Neuromuscular massage is very useful for sprained joints, strained muscles, muscular tension, or spasm, and sundry related problems. It can also be used to stimulate nerves as described above, and so may lend itself to a wide variety of complaints as an 'auxiliary therapy. Much of this type of massage is done on the origins and insertions of muscles. It is interesting to note that these points sometimes correspond exactly with acupuncture points. All muscles, except for a few on the face, are attached to bone at either end. The attachment takes the form of a bundle of white tissue which we call a tendon. Some tendons are extremely short, while some are several inches long. The points of attachment are called the origins and insertions. The origin is the more fixed point, and the insertion is on the bone which the muscle moves. The origin of the calf muscle, for example, is at the knee, while the insertion is at the heel; the origin of the biceps is at the shoulder, and the insertion is at the elbow.

Massage on the origins and insertions (0. and I. massage) has a stimulating (yang) effect. If a muscle is a tonic (too relaxed, too yin) 0. and 1. massage will have a tonic effect, and so help to restore normality. This type of massage also helps to prevent the wasting of muscles; it stimulates cell regeneration, and helps to keep the blood and nerve supplies to the muscle healthy. If you want to know what neuromuscular massage feels like try massaging the area where the back of the neck meets the skull, getting your thumbs under the ridge of bone you will feel there. This area is painful in most people, especially towards the outside. Use enough pressure to make it hurt, though not unbearably. As well as massaging the insertions of twelve muscles you are massaging seven acupuncture points. Massage of this area helps to relax the head and neck, and is very good for headaches, which are often related to congestion and tension at the back of the neck.
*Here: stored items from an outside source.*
Lemma tree_aut_size_ge f v : tree_aut f -> size v <= size (f v).
Proof.
case=> [[g fg _] pf]; elim/last_ind: v => // u a IH.
have lt : size (f u) < size (f (rcons u a)).
  apply: prefix_size_lt; first by rewrite -pf prefix_rcons.
  by apply/eqP => /(can_inj fg)/(congr1 size); rewrite size_rcons; apply: n_Sn.
by rewrite size_rcons (leq_ltn_trans IH lt).
Qed.

Lemma tree_aut_size f v : tree_aut f -> size (f v) = size v.
Proof.
move=> af; have [[g fg _] _] := af.
apply/eqP; rewrite eqn_leq (tree_aut_size_ge v af) andbT.
by rewrite -{2}(fg v); apply: tree_aut_size_ge (tree_aut_inv af fg).
Qed.

Lemma tree_aut_fix_prefix f v w : tree_aut f -> prefix v w -> f w = w -> f v = v.
Proof.
move=> af vw fw; apply: (prefix_common _ vw); last exact: tree_aut_size.
by rewrite -fw -af.2.
Qed.

End TreeAutomorphisms.

Lemma sub_inv_can (X : finType) (G : tmap X -> Prop) f :
  is_subgroup G -> G f -> exists g, [/\ G g, cancel f g & cancel g f].
Proof.
move=> HG Gf; have [g Gg fg] := sub_inv HG Gf; exists g; split=> //.
by apply/(bij_can_sym (sub_aut HG Gf).1).
Qed.

Section Subgroups.
Variables (X : finType) (G : tmap X -> Prop).
Hypothesis HG : is_subgroup G.
Implicit Types (f g : tmap X) (H K : tmap X -> Prop).

Lemma st_subgroup n : subgroup_of (st G n) G.
Proof.
split; last by move=> f [].
split.
- by move=> f [/(sub_aut HG)].
- by split=> //; exact: (sub_id HG).
- move=> f g [Gf fn] [Gg gn]; split; first exact: (sub_comp HG Gf Gg).
  by move=> v sv /=; rewrite gn ?fn.
- move=> f [Gf fn]; have [g [Gg fg _]] := sub_inv_can HG Gf.
  by exists g => //; split=> // v sv; rewrite -{1}(fn v sv) fg.
Qed.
If a muscle is too tense (too yang) and massage does not increase the muscle tension, it may even help to normalise the condition. There is also a method for treating muscle spasm, which is to press on the centre or belly of the muscle.  The result is an expansive, relaxing, yin effect. Pressure should be exerted for about one minute, without any movement. Make sure you are on the centre of the muscle. Most people's spines need neuromuscular massage. Because we wear shoes, walk on concrete, sit badly, and so on, our backs usually suffer in time. Bone manipulation may be necessary, but in the majority of cases several treatments of neuromuscular massage are sufficient to correct any problem which is not serious. On the other hand manipulation which is performed without also giving deep massage often fails to correct the problem, which involves ligaments and muscles as much as bones. The result is that an endless series of manipulations are given, with only a slight improvement to show for it. On most backs you will find small knots of tension muscle spasm - next to the spine. Sometimes they are so obvious you can see them quite clearly. These are the spots that need pressure, and they are always painful. Quite often you will hear a small click as the bone readjusts itself without any forceful manipulation being used.

Neuromuscular massage is not something you should attempt without some form of training in massage. It requires the exertion of quiet heavy pressure and you might hurt someone through lack of practical knowledge.